I absolutely hate that shit and I'll tell you why. To begin with, it feels like an excuse not to take full responsibility for whatever it is you did or said -- "It wasn't me, it was the drugs/alcohol/pills." In my experience, the shitty things people say under the influence of drugs or alcohol are pretty indicative of feelings they actually do have about you. The drugs may have taken away the filter that would stop a healthy person from shitting all over their friends and saying a bunch of unforgivable things they can't take back, but they're not the reason those thoughts were in that person's heart to begin with.

Also, so what? The fact that someone struggled with an addiction, their mental health, or anything else similar doesn't obligate me to care. Even sincere remorse for past actions can't undo the sort of damage truly toxic behavior does, so once someone makes certain mistakes with me, that's just it. I will literally never forgive them or feel the same way about the person, and it absolutely shows even in the event I decide to give them another chance on paper. (Just ask my father, my mother-in-law, or any of the other estranged family members that technically received a second chance at some point.

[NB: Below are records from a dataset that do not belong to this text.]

(* Let $G$ be a finite group with subgroups $H_1,H_2$, and let $\Xi$ be a $G$-solitary linear character of $H_1$. There exists a linear character $\chi$ of $H_2$ with $\mathrm{Ind}^G_{H_1}\Xi\cong\mathrm{Ind}^G_{H_2}\chi$ if and only if $H_1$ and $H_2$ are conjugate subgroups of $G$.
   Context: A monomial structure on a representation $\rho\colon G\to\mathrm{Aut}(V)$ is a decomposition $V=\bigoplus_{x\in\Omega}\mathcal L_x$ into one-dimensional subspaces such that $G$ permutes the lines $\mathcal L_x$; the set $\{\mathcal L_x\}$ is then a $G$-set, and an isomorphism of monomial structures is an isomorphism of $G$-sets. A linear character $\Xi$ of $H\le G$ is $G$-solitary if $\mathrm{Ind}^G_H\Xi$ has a unique monomial structure up to isomorphism. *)

From mathcomp Require Import all_boot all_order all_algebra all_fingroup all_solvable all_field all_character.
Set Implicit Arguments. Unset Strict Implicit. Unset Printing Implicit Defensive.
Import GRing.Theory Num.Theory.
Local Open Scope ring_scope.

Section Monomial.
Variables (gT : finGroupType) (G : {group gT}) (n : nat).
Variable rG : mx_representation algC G n.

(* A monomial structure on rG (row vectors, right action x |-> x *m rG g):
   a basis (rows of the invertible matrix B) whose lines L_i = <row i B>
   decompose V = 'rV_n and are permuted by every g in G, i.e. the image
   of the line L_i under g is contained in (hence equal to) some line L_j. *)
Definition monomial_structure (B : 'M[algC]_n) : Prop :=
  B \in unitmx /\
  forall g, g \in G -> forall i : 'I_n, exists j : 'I_n,
    (row i B *m rG g <= row j B)%MS.

(* The G-set of lines of B: g sends line i to line j iff L_i * g = L_j
   (equivalently L_i * g <= L_j).  An isomorphism of monomial structures
   is an isomorphism of these G-sets: a bijection of the lines commuting
   with the G-actions. *)
Definition iso_monomial_structure (B1 B2 : 'M[algC]_n) : Prop :=
  exists f : {perm 'I_n},
    forall g, g \in G -> forall i j : 'I_n,
      (row i B1 *m rG g <= row j B1)%MS <-> (row (f i) B2 *m rG g <= row (f j) B2)%MS.

End Monomial.

Definition G_solitary (gT : finGroupType) (G H : {group gT}) (xi : 'CF(H)) : Prop :=
  forall (n : nat) (rG : mx_representation algC G n),
    cfRepr rG = 'Ind[G] xi ->
    (exists B, monomial_structure rG B) /\
    (forall B1 B2, monomial_structure rG B1 -> monomial_structure rG B2 ->
       iso_monomial_structure rG B1 B2).

From mathcomp Require Import all_boot all_order all_algebra all_fingroup all_solvable all_field all_character.
Set Implicit Arguments. Unset Strict Implicit. Unset Printing Implicit Defensive.
Import GRing.Theory.
Local Open Scope ring_scope.

(* For a linear character phi of H <= G, Ind_H^G phi is afforded by the
   monomial representation g |-> (phi (t_i g t_j^-1))_(i,j), where (t_i) is a
   right transversal of H in G and phi is extended by 0 outside H.  Hence every
   representation affording Ind_H^G phi carries a monomial structure whose
   line stabilisers are the conjugates H^(t_i).  Isomorphic monomial
   structures have the same line stabilisers (up to the bijection of lines),
   so if Ind xi = Ind chi with xi solitary, some line stabiliser is conjugate
   both to H1 and to H2.  Conversely, inducing the conjugate of xi from a
   conjugate of H1 gives back Ind xi. *)

Section RcosetRep.

Variables (gT : finGroupType) (G H : {group gT}).
Local Open Scope group_scope.

Definition rcoset_rep (i : 'I_#|G : H|) : gT := repr (enum_val i).

Lemma rcoset_repK i : H :* rcoset_rep i = enum_val i.
Proof.
by rewrite /rcoset_rep; have /rcosetsP[x _ ->] := enum_valP i; rewrite rcoset_repr.
Qed.

Lemma mem_rcoset_rep x j :
  (x * (rcoset_rep j)^-1 \in H) = (H :* x == enum_val j).
Proof. by rewrite -mem_rcoset -rcoset_repK; apply/rcoset_eqP/eqP. Qed.

Lemma rcoset_rep_uniq x j k :
  x * (rcoset_rep j)^-1 \in H -> x * (rcoset_rep k)^-1 \in H -> j = k.
Proof. by rewrite !mem_rcoset_rep => /eqP-> /eqP/enum_val_inj. Qed.

Lemma rcoset_rep_exists x : x \in G -> exists j, x * (rcoset_rep j)^-1 \in H.
Proof.
move=> Gx; have Hx : H :* x \in rcosets H G by rewrite -rcosetE imset_f.
by exists (enum_rank_in Hx (H :* x)); rewrite mem_rcoset_rep enum_rankK_in.
Qed.

Hypothesis sHG : H \subset G.

Lemma rcoset_rep_in i : rcoset_rep i \in G.
Proof.
have /rcosetsP[x Gx defHx] := enum_valP i.
have : rcoset_rep i \in H :* x by rewrite /rcoset_rep defHx mem_repr_rcoset.
by case/rcosetP=> h Hh ->; rewrite groupM // (subsetP sHG).
Qed.

Lemma sum_rcoset_reps (V : nmodType) (F : gT -> V) :
  (\sum_(y in G) F y = \sum_i \sum_(h in H) F (h * rcoset_rep i)%g)%R.
Proof.
have [/eqP defG tiG _] := and3P (rcosets_partition sHG).
rewrite -[in LHS]defG big_trivIset // big_enum_val; apply: eq_bigr => i _.
by rewrite -rcoset_repK -rcosetE big_imset //= => a b _ _; apply: mulIg.
Qed.

End RcosetRep.

Section LineStabiliser.

Variables (gT : finGroupType) (G : {group gT}) (n : nat).
Variable rG : mx_representation algC G n.

Definition line_stab (B : 'M[algC]_n) (i : 'I_n) : {set gT} :=
  [set g in G | (row i B *m rG g <= row i B)%MS].

Lemma iso_monomial_line_stab B1 B2 : iso_monomial_structure rG B1 B2 ->
  exists f : {perm 'I_n}, forall i, line_stab B1 i = line_stab B2 (f i).
Proof.
case=> f iso_f; exists f => i; apply/setP=> g; rewrite !inE.
by apply: andb_id2l => Gg; apply/idP/idP => /(iso_f g Gg i i).
Qed.

End LineStabiliser.

Lemma row_sub_row_unitmx (F : fieldType) n (B : 'M[F]_n) i j :
  B \in unitmx -> (row j B <= row i B)%MS = (j == i).
Proof.
move=> uB; apply/idP/eqP=> [|-> //]; move/(submxMr (invmx B)).
rewrite -!row_mul mulmxV // !row1 => /sub_rVP[c /rowP/(_ j)].
rewrite !mxE !eqxx /=; have [// | _] := eqVneq j i.
by rewrite mulr0 => /eqP; rewrite oner_eq0.
Qed.

Section MonomialRepresentation.

Variables (gT : finGroupType) (G H : {group gT}) (phi : 'CF(H)).
Hypotheses (sHG : H \subset G) (lin_phi : phi \is a linear_char).
Local Notation t := (@rcoset_rep _ G H).

Definition monomial_mx (g : gT) : 'M[algC]_#|G : H|%g :=
  \matrix_(i, j) phi (t i * g * (t j)^-1)%g.

Lemma row_monomial_mx g i j : (t i * g * (t j)^-1 \in H)%g ->
  row i (monomial_mx g) = phi (t i * g * (t j)^-1)%g *: 'e_j.
Proof.
move=> Hj; apply/rowP=> k; rewrite !mxE eqxx /=.
have [-> | nkj] := eqVneq k j; first by rewrite mulr1.
rewrite mulr0 cfun0 //; apply: contra nkj => Hk.
by rewrite (rcoset_rep_uniq Hk Hj).
Qed.

Lemma monomial_mx_repr : mx_repr G monomial_mx.
Proof.
split=> [|g h Gg Gh].
  apply/row_matrixP=> i; rewrite row1 (@row_monomial_mx _ i i) mulg1 mulgV //.
  by rewrite lin_char1 // scale1r.
apply/row_matrixP=> i; have tiG := rcoset_rep_in sHG i.
have [j Hj] := rcoset_rep_exists H (groupM tiG Gg).
have [k Hk] := rcoset_rep_exists H (groupM (rcoset_rep_in sHG j) Gh).
have Hjk : (t i * (g * h) * (t k)^-1
            = (t i * g * (t j)^-1) * (t j * h * (t k)^-1))%g.
  by rewrite !mulgA mulgKV.
rewrite row_mul (row_monomial_mx Hj) -scalemxAl -rowE (row_monomial_mx Hk).
rewrite (row_monomial_mx (j := k)) Hjk; last exact: groupM.
by rewrite lin_charM // scalerA.
Qed.

Definition monomial_rep := MxRepresentation monomial_mx_repr.

Lemma cfRepr_monomial : cfRepr monomial_rep = 'Ind[G] phi.
Proof.
apply/cfun_inP=> x Gx; rewrite cfunE Gx mulr1n cfIndE // (reindex_inj invg_inj).
rewrite (eq_bigl [in G]) => [|y]; last by rewrite /= groupV.
rewrite (sum_rcoset_reps sHG) mulrC -(mulfK (neq0CG H) (\tr _)) mulr_suml.
congr (_ * _); apply: eq_bigr => i _; rewrite mxE mulr_natr -sumr_const.
apply: eq_bigr => h Hh; rewrite invMg conjgM -(cfunJ _ _ (groupVr Hh)).
by rewrite [(x ^ _)%g]conjgE invgK mulgA.
Qed.

Lemma monomial_structure_Ind n (rG : mx_representation algC G n) :
  cfRepr rG = 'Ind[G] phi ->
  exists2 B, monomial_structure rG B &
    forall i, exists2 a, a \in G & line_stab rG B i = (H :^ a)%g.
Proof.
rewrite -cfRepr_monomial => /esym/eqP/cfRepr_rsimP[B def_n free_B simB].
subst n; have uB : B \in unitmx by rewrite -row_free_unit.
have rowB g i j : g \in G -> (t i * g * (t j)^-1 \in H)%g ->
    row i B *m rG g = phi (t i * g * (t j)^-1)%g *: row j B.
  move=> Gg Hj; rewrite -row_mul -simB // row_mul (row_monomial_mx Hj).
  by rewrite -scalemxAl -rowE.
exists B.
  split=> // g Gg i.
  have [j Hj] := rcoset_rep_exists H (groupM (rcoset_rep_in sHG i) Gg).
  by exists j; rewrite (rowB g i j) // scalemx_sub.
move=> i; have tiG := rcoset_rep_in sHG i; exists (t i) => //.
have sHtG : (H :^ t i \subset G)%g by rewrite -(conjGid tiG) conjSg.
apply/setP=> g; rewrite inE; have [Gg | nGg] := boolP (g \in G); last first.
  by apply/esym/negbTE; apply: contra nGg => /(subsetP sHtG).
have [j Hj] := rcoset_rep_exists H (groupM tiG Gg).
rewrite /= (rowB g i j) // (eqmx_scale _ (lin_char_neq0 lin_phi Hj)).
rewrite row_sub_row_unitmx // mem_conjg conjgE invgK mulgA.
rewrite mem_rcoset_rep in Hj.
by rewrite mem_rcoset_rep (eqP Hj) (inj_eq enum_val_inj).
Qed.

End MonomialRepresentation.

Lemma cfInd_conj_isom (gT : finGroupType) (G H : {group gT}) (phi : 'CF(H)) g :
  H \subset G -> g \in G -> 'Ind[G] (cfIsom (conj_isom H g) phi) = 'Ind[G] phi.
Proof.
move=> sHG Gg; have nGg := subsetP (normG G) g Gg.
by rewrite (cfIndIsom (norm_conj_isom nGg)) // -cfConjgEin cfConjg_id.
Qed.

Unset Implicit Arguments.

Theorem lemma4p4 (gT : finGroupType) (G H1 H2 : {group gT}) (xi : 'CF(H1)) :
  H1 \subset G -> H2 \subset G ->
  xi \is a linear_char -> G_solitary G xi ->
  ((exists2 chi : 'CF(H2), chi \is a linear_char & 'Ind[G] xi = 'Ind[G] chi)
   <-> (exists2 g, g \in G & H2 :=: (H1 :^ g)%g)).
Proof.
move=> sH1G sH2G lin_xi solitary_xi.
split=> [[chi lin_chi Ind_xi_chi] | [g Gg defH2]].
  have rG_xi := cfRepr_monomial sH1G lin_xi.
  have rG_chi : cfRepr (monomial_rep sH1G lin_xi) = 'Ind[G] chi by rewrite rG_xi.
  have [B1 mB1 stabB1] := monomial_structure_Ind sH1G lin_xi rG_xi.
  have [B2 mB2 stabB2] := monomial_structure_Ind sH2G lin_chi rG_chi.
  have iso_B12 := (solitary_xi _ _ rG_xi).2 B1 B2 mB1 mB2.
  have [f stab_f] := iso_monomial_line_stab iso_B12.
  pose i0 : 'I_#|G : H1|%g := Ordinal (indexg_gt0 G H1).
  have [a Ga stab_a] := stabB1 i0; have [b Gb stab_b] := stabB2 (f i0).
  exists (a * b^-1)%g; first by rewrite groupM ?groupV.
  by rewrite conjsgM -stab_a stab_f stab_b conjsgK.
have -> : H2 = (H1 :^ g)%G by apply: val_inj.
exists (cfIsom (conj_isom H1 g) xi); first by rewrite cfIsom_lin_char.
by rewrite (cfInd_conj_isom xi sH1G Gg).
Qed.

They don't hear from me, they don't see me, and they're kept at a great emotional distance from me at all times.) "Mistakes" like complete betrayals of trust should come with permanent consequences as far as I'm concerned, and with me they do. The cost of what you did will be the permanent loss of the relationship you once had with me, so you damn well better mean it when you say you don't care about that.

At any rate, she ended the message by claiming to understand if I didn't want to be friends anymore or even respond to her. That's fortunate for her, because I absolutely don't plan to and have zero interest in reconnecting with her or anyone else from my past, especially if they were a legit hot mess like this chick was back in the day. I haven't given this person so much as a passing thought over the years, so I really didn't appreciate being forced to relive the abuse she heaped on me. Hearing from her didn't make me feel one little bit better about the way she treated me. In fact, it was nothing but an unpleasant reminder of why I no longer enjoy connecting with other people on any meaningful level, even online.

If people like this really cared about the people they've hurt, they'd consider how hurtful it can be to hear from toxic people you know you're better off without. Unless you're positive the person in question really does want to hear from you on some level, resist the urge to do this to others. Perhaps a better way to make good on the wrongs you've done is to simply recognize their magnitude and learn to live with the consequences. You don't get to ask anything of others once you've damaged them and made them sorry for ever caring about you, even forgiveness or understanding. They don't owe you that or anything else you might be tempted to ask of them. Not now or ever again.